What you should do: Only one stretch of the data is wanted: the line containing "apply: (proj_norm_tsub_molecule_ge Hd Pbase Pu nPx", the line containing "by rewrite (metricC Hd y x); lra.", and every line between them, copied exactly.

Saved entries:
"""

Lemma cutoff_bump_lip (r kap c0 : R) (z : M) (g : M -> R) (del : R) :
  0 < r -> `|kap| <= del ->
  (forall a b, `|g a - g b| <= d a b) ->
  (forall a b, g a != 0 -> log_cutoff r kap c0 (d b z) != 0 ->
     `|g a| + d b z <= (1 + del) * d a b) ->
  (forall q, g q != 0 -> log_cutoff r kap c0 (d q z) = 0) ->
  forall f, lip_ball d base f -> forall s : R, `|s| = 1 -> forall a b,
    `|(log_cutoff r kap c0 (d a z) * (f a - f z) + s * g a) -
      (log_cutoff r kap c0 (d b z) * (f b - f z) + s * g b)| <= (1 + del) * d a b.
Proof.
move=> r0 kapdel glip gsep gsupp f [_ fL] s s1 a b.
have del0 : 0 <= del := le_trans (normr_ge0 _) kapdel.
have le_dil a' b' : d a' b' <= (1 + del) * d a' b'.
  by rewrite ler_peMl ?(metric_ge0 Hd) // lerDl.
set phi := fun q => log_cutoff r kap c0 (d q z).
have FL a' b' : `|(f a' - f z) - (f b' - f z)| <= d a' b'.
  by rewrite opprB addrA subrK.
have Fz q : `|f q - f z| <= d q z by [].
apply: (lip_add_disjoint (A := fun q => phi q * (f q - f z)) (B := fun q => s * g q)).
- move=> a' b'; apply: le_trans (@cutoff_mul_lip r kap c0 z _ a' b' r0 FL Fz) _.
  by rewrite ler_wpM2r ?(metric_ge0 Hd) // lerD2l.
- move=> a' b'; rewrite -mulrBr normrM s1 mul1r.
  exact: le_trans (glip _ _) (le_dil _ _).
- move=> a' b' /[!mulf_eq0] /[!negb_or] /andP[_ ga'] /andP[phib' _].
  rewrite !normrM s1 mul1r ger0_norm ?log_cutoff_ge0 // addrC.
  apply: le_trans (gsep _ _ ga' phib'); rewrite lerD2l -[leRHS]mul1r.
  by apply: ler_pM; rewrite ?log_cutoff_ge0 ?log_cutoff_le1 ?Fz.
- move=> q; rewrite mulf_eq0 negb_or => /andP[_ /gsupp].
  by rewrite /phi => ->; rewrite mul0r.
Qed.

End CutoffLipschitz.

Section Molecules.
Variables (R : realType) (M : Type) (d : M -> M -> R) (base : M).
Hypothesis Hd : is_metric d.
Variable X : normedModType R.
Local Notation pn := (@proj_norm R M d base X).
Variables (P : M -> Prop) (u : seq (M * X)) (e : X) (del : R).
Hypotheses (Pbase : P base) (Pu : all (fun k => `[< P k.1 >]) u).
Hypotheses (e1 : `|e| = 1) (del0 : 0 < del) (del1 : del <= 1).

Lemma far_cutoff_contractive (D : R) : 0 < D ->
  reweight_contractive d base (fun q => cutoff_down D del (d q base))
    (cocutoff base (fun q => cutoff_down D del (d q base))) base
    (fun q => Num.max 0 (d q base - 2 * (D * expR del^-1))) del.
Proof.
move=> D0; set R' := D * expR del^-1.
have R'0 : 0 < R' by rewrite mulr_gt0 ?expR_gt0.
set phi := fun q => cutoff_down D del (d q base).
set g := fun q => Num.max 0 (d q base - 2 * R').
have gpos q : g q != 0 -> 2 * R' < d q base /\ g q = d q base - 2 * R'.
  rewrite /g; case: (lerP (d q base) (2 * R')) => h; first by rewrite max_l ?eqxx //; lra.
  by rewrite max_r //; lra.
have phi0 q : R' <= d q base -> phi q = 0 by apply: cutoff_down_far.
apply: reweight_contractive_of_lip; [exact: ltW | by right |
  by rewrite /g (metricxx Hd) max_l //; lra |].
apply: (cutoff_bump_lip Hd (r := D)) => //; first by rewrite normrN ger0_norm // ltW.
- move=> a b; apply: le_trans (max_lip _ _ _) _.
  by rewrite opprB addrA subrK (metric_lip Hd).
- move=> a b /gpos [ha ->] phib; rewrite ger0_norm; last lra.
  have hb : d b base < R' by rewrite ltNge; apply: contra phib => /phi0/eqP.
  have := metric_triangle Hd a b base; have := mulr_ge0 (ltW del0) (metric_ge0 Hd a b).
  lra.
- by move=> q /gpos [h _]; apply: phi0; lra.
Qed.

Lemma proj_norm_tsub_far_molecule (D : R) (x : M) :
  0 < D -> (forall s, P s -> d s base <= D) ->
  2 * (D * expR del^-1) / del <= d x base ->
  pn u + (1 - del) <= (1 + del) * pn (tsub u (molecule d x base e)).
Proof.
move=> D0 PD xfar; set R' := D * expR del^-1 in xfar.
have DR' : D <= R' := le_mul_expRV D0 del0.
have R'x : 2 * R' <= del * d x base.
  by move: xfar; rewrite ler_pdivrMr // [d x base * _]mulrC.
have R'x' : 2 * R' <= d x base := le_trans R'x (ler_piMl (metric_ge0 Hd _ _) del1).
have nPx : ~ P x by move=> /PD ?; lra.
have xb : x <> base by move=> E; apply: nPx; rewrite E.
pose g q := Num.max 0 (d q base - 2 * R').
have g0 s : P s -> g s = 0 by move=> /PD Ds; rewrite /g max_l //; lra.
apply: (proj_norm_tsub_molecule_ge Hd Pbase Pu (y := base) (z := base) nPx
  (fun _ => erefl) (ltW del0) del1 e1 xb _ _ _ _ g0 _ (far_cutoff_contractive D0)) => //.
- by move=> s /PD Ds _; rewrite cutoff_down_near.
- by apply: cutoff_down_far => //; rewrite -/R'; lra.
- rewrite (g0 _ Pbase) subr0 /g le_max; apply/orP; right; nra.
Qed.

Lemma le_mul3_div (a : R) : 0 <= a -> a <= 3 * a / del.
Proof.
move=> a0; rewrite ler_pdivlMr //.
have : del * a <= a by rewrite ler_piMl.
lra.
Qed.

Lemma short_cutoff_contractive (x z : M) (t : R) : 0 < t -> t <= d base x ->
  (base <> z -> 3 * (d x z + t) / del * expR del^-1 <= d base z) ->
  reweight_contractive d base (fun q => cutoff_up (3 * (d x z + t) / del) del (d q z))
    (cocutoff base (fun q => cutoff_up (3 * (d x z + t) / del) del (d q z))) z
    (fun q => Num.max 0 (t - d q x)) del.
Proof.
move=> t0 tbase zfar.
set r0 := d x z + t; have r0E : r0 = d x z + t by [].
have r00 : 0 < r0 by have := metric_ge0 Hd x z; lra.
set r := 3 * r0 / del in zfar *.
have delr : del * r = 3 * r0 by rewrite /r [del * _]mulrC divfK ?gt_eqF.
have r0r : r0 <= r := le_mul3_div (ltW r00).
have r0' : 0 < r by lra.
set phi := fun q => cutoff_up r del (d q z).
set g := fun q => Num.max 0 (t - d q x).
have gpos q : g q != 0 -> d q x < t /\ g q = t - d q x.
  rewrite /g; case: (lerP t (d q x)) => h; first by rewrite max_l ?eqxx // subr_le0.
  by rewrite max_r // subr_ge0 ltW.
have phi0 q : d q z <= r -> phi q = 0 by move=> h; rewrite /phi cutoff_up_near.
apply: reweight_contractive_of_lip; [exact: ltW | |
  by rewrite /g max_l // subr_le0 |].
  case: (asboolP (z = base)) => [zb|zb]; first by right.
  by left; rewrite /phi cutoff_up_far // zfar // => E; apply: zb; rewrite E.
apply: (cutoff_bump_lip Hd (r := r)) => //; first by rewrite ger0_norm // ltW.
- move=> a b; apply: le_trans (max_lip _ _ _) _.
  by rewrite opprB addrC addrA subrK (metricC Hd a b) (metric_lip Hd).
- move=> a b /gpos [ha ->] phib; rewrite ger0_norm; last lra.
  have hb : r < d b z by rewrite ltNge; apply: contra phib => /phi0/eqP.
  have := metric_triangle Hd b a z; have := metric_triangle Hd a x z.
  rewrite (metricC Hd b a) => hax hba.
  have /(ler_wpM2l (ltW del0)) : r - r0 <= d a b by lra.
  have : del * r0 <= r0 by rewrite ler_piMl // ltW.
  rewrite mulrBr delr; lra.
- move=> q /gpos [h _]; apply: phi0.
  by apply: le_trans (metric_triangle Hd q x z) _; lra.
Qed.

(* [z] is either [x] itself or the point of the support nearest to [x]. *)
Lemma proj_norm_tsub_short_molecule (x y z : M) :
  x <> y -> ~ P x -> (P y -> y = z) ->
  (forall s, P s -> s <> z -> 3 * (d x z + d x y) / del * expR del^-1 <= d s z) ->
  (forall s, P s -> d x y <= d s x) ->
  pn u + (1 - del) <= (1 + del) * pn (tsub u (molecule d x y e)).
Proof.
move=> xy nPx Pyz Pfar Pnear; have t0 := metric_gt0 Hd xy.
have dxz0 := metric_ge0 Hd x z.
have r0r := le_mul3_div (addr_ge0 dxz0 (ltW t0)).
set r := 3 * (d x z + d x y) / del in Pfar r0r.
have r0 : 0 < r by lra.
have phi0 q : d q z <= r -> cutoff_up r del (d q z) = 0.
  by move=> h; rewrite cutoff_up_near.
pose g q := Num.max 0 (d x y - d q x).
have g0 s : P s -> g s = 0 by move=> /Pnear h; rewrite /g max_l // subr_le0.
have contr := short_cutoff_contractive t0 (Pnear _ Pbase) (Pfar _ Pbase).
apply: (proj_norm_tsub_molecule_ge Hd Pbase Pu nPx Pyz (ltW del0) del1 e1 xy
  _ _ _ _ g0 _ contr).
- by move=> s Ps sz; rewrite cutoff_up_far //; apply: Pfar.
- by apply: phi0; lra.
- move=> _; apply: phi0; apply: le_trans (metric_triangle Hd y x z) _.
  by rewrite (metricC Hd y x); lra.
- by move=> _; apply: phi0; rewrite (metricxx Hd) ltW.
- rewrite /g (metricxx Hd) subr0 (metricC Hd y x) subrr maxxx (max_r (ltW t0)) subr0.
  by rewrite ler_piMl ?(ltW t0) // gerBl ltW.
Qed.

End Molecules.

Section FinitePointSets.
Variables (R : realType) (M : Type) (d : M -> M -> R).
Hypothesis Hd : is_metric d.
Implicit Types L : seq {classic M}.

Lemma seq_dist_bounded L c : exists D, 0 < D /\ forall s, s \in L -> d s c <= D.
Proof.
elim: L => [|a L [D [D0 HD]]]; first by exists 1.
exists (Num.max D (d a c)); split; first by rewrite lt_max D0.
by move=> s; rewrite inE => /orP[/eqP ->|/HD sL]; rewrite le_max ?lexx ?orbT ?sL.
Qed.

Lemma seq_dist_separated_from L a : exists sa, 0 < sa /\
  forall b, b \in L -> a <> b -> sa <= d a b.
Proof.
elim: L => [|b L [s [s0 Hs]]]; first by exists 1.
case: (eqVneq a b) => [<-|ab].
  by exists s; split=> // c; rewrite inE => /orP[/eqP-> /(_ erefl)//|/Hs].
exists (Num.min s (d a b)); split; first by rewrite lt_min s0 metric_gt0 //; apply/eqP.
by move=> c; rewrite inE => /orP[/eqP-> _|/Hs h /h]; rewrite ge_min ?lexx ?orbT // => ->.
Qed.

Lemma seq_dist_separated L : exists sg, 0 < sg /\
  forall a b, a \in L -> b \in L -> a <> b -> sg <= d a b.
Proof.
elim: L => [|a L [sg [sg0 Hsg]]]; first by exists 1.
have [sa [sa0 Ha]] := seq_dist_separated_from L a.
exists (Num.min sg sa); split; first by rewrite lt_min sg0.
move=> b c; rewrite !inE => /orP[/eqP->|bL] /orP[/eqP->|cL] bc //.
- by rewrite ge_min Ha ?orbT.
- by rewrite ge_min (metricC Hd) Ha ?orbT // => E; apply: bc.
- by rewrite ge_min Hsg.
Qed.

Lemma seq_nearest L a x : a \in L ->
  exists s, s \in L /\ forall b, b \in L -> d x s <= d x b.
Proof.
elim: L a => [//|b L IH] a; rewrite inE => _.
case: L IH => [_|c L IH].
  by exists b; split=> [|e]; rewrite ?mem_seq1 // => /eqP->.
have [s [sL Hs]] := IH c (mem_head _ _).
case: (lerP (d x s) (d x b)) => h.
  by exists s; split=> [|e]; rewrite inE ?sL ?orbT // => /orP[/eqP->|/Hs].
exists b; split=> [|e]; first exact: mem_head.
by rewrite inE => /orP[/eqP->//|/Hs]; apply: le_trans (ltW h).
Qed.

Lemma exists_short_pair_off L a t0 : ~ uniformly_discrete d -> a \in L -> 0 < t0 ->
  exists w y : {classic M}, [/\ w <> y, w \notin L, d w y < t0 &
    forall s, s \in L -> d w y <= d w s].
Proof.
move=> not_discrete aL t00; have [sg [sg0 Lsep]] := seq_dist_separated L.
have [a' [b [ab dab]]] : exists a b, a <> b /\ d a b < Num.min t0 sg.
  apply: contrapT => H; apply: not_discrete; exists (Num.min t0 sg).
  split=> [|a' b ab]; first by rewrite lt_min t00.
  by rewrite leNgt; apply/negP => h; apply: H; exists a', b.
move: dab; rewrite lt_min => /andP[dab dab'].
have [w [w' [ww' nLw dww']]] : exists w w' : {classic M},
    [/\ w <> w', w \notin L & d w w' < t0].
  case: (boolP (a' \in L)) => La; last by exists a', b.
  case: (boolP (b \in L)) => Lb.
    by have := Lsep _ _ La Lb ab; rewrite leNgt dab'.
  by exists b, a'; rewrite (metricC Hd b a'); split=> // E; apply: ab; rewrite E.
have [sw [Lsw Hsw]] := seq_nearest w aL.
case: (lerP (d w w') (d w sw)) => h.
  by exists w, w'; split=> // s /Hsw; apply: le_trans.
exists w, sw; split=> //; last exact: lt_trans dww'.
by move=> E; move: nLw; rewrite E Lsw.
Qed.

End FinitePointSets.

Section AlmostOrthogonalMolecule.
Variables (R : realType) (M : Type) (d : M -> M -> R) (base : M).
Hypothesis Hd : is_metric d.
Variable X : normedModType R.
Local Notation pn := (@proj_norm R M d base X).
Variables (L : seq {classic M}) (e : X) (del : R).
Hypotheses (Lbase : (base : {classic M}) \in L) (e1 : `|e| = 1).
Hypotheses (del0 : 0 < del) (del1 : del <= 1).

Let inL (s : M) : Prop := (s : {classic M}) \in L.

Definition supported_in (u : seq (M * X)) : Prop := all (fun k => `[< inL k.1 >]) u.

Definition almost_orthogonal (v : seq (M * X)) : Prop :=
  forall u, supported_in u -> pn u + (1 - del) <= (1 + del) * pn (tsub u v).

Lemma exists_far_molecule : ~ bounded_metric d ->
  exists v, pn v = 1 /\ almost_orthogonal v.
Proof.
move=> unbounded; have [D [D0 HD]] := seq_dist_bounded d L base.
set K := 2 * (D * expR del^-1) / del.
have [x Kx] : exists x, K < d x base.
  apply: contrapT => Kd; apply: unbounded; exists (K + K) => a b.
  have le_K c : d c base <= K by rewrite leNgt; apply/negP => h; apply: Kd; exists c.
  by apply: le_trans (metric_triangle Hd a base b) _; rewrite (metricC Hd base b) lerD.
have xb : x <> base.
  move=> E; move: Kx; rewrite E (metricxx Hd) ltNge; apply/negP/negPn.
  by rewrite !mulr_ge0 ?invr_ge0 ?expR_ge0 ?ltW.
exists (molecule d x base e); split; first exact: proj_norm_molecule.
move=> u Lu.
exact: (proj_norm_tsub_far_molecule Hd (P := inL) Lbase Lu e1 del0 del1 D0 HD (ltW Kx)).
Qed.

"""
"""

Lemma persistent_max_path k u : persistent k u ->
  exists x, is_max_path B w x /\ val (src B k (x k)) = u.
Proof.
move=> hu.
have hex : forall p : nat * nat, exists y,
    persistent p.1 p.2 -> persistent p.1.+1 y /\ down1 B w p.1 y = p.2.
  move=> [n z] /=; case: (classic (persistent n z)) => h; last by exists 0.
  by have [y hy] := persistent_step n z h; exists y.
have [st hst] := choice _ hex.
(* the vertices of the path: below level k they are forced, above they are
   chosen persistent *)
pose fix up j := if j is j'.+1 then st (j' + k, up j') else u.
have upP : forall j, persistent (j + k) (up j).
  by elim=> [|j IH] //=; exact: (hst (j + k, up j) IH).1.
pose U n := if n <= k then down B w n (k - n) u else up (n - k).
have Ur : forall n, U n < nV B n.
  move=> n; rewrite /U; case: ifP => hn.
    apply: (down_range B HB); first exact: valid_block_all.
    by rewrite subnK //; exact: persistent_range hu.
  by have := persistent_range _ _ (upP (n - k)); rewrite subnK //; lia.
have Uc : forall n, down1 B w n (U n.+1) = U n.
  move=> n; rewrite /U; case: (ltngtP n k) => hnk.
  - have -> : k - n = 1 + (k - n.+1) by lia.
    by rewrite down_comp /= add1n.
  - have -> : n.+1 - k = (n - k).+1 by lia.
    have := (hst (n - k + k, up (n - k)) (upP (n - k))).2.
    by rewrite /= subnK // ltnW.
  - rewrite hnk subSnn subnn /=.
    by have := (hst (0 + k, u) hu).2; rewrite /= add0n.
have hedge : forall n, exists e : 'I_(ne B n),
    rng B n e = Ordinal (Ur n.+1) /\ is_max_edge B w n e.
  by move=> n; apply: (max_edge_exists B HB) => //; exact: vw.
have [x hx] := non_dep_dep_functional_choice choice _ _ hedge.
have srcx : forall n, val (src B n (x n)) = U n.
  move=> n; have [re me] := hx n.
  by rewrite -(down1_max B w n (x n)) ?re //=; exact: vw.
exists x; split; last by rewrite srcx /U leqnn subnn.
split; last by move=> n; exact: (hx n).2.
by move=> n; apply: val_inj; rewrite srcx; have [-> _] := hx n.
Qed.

"""

Result:
apply: (proj_norm_tsub_molecule_ge Hd Pbase Pu nPx Pyz (ltW del0) del1 e1 xy
  _ _ _ _ g0 _ contr).
- by move=> s Ps sz; rewrite cutoff_up_far //; apply: Pfar.
- by apply: phi0; lra.
- move=> _; apply: phi0; apply: le_trans (metric_triangle Hd y x z) _.
  by rewrite (metricC Hd y x); lra.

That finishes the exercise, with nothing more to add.